Postural Orthostatic Tachycardia Syndrome (POTS)
Other Names
Autonomic disorder or autonomic dysfunction (over-arching group of conditions of which POTS is a subset)
Dysautonomia (same as autonomic dysfunction)
Functional disorder (Lacking a specific diagnostic test, POTS is a functional disorder, as is migraine headache. Affected patients may have other functional disorders such as chronic pain or functional GI or neurologic disorder.)
Orthostatic intolerance (broad group of problems characterized by bothersome symptoms when upright that improve when lying down; POTS is the form that is chronic and associated with excessive postural tachycardia)
Key Points
Patients with chronic functional disability and a variety of symptoms often seek lots of subspecialty care. With normal results of tests, patients tend to keep seeking new doctors and new tests. It is vitally important that an informed care provider coordinates the evaluation and management. With an accurate diagnosis of POTS and appropriate treatment, unnecessary consultation and “doctor shopping” can be avoided, and the focus on functional restoration maintained.
The diagnosis of POTS is based on clinical history (>3 months of daily intolerance of upright position) coupled with postural tachycardia (>40 beats per minute increase). Acute and intermittent symptoms do not qualify for the diagnosis. Similar symptoms without excessive postural tachycardia indicate orthostatic intolerance but not POTS; the treatment would be identical to the treatment of POTS except that medications are not needed for orthostatic intolerance when there is not excessive postural tachycardia.
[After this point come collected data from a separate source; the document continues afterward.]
Lemma dext_delta_absorbing d p' m k : is_path (Dext K) d p' -> p' m = None ->
  m <= k -> in_dom d k -> p' k = None.
Proof.
  intros Hp' Hm Hle. induction Hle as [|k Hle IH]; [auto|]. intros Hk.
  pose proof (Hp' k Hk) as Ht. rewrite IH in Ht by (eapply in_dom_le; eauto).
  destruct (p' (S k)); [contradiction|reflexivity].
Qed.

Lemma dext_path_cases d p' : is_path (Dext K) d p' -> p' 0 <> None ->
  (forall k, in_dom d k -> p' k <> None) \/
  exists n, in_dom d (S n) /\ (forall k, k <= n -> p' k <> None) /\
    (forall k, S n <= k -> in_dom d k -> p' k = None).
Proof.
  intros Hp' H0.
  destruct (classic (exists k, in_dom d k /\ p' k = None)) as [Hex|Hno].
  - right.
    destruct (dec_inh_nat_subset_has_unique_least_element _ (fun k => classic _) Hex)
      as [[|n] [[[Hm HmN] Hleast] _]]; [contradiction|].
    exists n. split; [exact Hm|split].
    + intros k Hk HkN. enough (S n <= k) by lia.
      apply Hleast. split; [eapply in_dom_le; eauto; lia|exact HkN].
    + intros k Hk Hkd. apply (dext_delta_absorbing Hp' HmN Hk Hkd).
  - left. intros k Hk HkN. apply Hno. eauto.
Qed.

Section Forward.
Context {Col : Type} (C : st K -> Col).

Lemma dext_ctrace_lift v tr : ctrace K C v tr ->
  ctrace (Dext K) (option_map C) (Some v) (trace_map Some tr).
Proof.
  intros [d [q [Hq0 [Hq [b Hb]]]]].
  exists d, (fun k => Some (q k)). split; [congruence|split; [apply dext_path_some, Hq|]].
  exists b. exact (contraction_by_map (@Some_inj _) Hb).
Qed.

Lemma dext_div_ctrace_lift v tr : div_ctrace K C v tr ->
  div_ctrace (Dext K) (option_map C) (Some v) (trace_map Some tr).
Proof.
  intros [q [Hq0 [Hq [[b Hb] [l ->]]]]].
  exists (fun k => Some (q k)). split; [congruence|split; [apply dext_path_some, Hq|split]].
  - exists b. exact (contraction_by_map (@Some_inj _) Hb).
  - eexists. reflexivity.
Qed.

Lemma dext_trace_within_K d p p' tr :
  (forall k, in_dom d k -> p' k = Some (p k)) ->
  contraction d (fun k => option_map C (p' k)) tr ->
  exists tr0, contraction d (fun k => C (p k)) tr0 /\ tr = trace_map Some tr0.
Proof.
  intros Hpp [b Hb].
  assert (Hb' : contraction_by d (fun k => Some (C (p k))) tr b).
  { apply contraction_by_ext with (g := fun k => option_map C (p' k)); [exact Hb|].
    intros k Hk. rewrite Hpp; auto. }
  destruct (trace_map_Some_surj (C (p 0)) tr) as [tr0 ->].
  { intros j x Hx. destruct (contraction_by_colour j x Hb' Hx) as [k [_ <-]]. discriminate. }
  exists tr0. split; [|reflexivity]. exists b.
  exact (contraction_by_unmap (@Some_inj _) _ _ Hb').
Qed.

Lemma dext_ctrace_cases d p' u tr : p' 0 = Some u -> is_path (Dext K) d p' ->
  contraction d (fun k => option_map C (p' k)) tr ->
  (exists p tr0, p 0 = u /\ is_path K d p /\ contraction d (fun k => C (p k)) tr0 /\
     tr = trace_map Some tr0) \/
  (exists n p l, p 0 = u /\ is_path K (Some n) p /\ deadlock K (p n) /\
     contraction (Some n) (fun k => C (p k)) (TFin l) /\ tr = TFin (map Some l ++ [None])).
Proof.
  intros H0 Hp' Htr.
  destruct (dext_path_cases Hp' ltac:(congruence)) as [Hsome|[n [Hn [Hpre Hpost]]]].
  - left. destruct (dext_path_in_K Hp' Hsome) as [p [Hp Hpp]].
    destruct (dext_trace_within_K _ _ Hpp Htr) as [tr0 [Htr0 ->]].
    exists p, tr0. repeat split; auto.
    enough (Some (p 0) = Some u) by congruence. rewrite <- Hpp; [exact H0|apply in_dom_0].
  - right.
    assert (Hp'n : is_path (Dext K) (Some n) p')
      by (apply (path_restrict Hp'), (in_dom_le _ Hn); lia).
    destruct (dext_path_in_K Hp'n Hpre) as [p [Hp Hpp]].
    destruct Htr as [b Hb].
    destruct (contraction_by_unsnoc (z := None) Hb Hn) as [l' [-> Hl']].
    + cbv beta. rewrite Hpp; simpl; [discriminate|lia].
    + intros k Hk Hkd. cbv beta. rewrite Hpost; auto.
    + destruct (dext_trace_within_K _ _ Hpp (ex_intro _ b Hl')) as [[l|f] [Hl Heq]];
        [|discriminate].
      injection Heq as ->.
      exists n, p, l. repeat split; auto.
      * enough (Some (p 0) = Some u) by congruence. rewrite <- Hpp; [exact H0|simpl; lia].
      * pose proof (Hp' n Hn) as Ht. rewrite Hpp, Hpost in Ht by (simpl; auto; lia). exact Ht.
Qed.

(* Once a deadlock is reached, the path of [D(K)] moves to [s_delta] and stays there. *)
Lemma dext_deadlock_div_ctrace v N q l : q 0 = v -> is_path K (Some N) q -> deadlock K (q N) ->
  contraction (Some N) (fun k => C (q k)) (TFin l) ->
  div_ctrace (Dext K) (option_map C) (Some v) (TFin (map Some l ++ [None])).
Proof.
  intros Hq0 Hq HqN [b Hb].
  set (q' := fun k => if k <=? N then Some (q k) else None).
  assert (Hq'q : forall k, k <= N -> q' k = Some (q k))
    by (intros k Hk; unfold q'; destruct (Nat.leb_spec k N); [auto|lia]).
  assert (Hq'delta : forall k, N < k -> q' k = None)
    by (intros k Hk; unfold q'; destruct (Nat.leb_spec k N); [lia|auto]).
  assert (Hb' : contraction_by (Some N) (fun k => option_map C (q' k)) (TFin (map Some l)) b).
  { apply contraction_by_ext with (g := fun k => Some (C (q k))).
    - exact (contraction_by_map (@Some_inj _) Hb).
    - intros k Hk. rewrite Hq'q; auto. }
  assert (Hsnoc := contraction_by_snoc (z := None) Hb'
    ltac:(cbv beta; rewrite Hq'delta; auto) ltac:(cbv beta; rewrite Hq'q; [discriminate|auto])).
  exists q'. split; [rewrite Hq'q; [congruence|lia]|split; [|split]].
  - intros k _. destruct (Nat.lt_ge_cases k N) as [|HkN].
    + rewrite !Hq'q by lia. apply Hq. simpl. lia.
    + rewrite (Hq'delta (S k)) by lia. destruct (Nat.eq_dec k N) as [->|].
      * rewrite Hq'q by lia. exact HqN.
      * rewrite Hq'delta by lia. exact I.
  - eexists. apply (contraction_by_extend None Hsnoc I).
    intros k Hk _. cbv beta. rewrite !Hq'delta by lia. reflexivity.
  - eexists. reflexivity.
Qed.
Advise patients to drink so much that their urine looks clear, like water. Eat as much salt as you can tolerate; some patients prefer to take salt tablets/capsules. Get aerobic exercise every day (working up to 30 minutes in a single daily session). Get enough sleep every night and don’t take naps. Get help from a good psychologist - and take your medication, too.
Patients with POTS are further compromised when they get behind on regular healthy lifestyle activities, such as stress management, weight management, exercise, regular meals, and sleep. They must keep their bodies in balance. With POTS, maintaining academic and extra-curricular success (or even participation) is difficult. Loving parents tend to do whatever they can to help the patient succeed. However, individuals typically link 2 activities with their recovery – staying in school and exercising regularly, the very activities that are most challenging with POTS. A clear diagnosis and treatment plan help patients and families support activity and recovery rather than inactivity and illness. Parents need to facilitate normal activities rather than helping the patient to stay comfortable with increasing debilitation.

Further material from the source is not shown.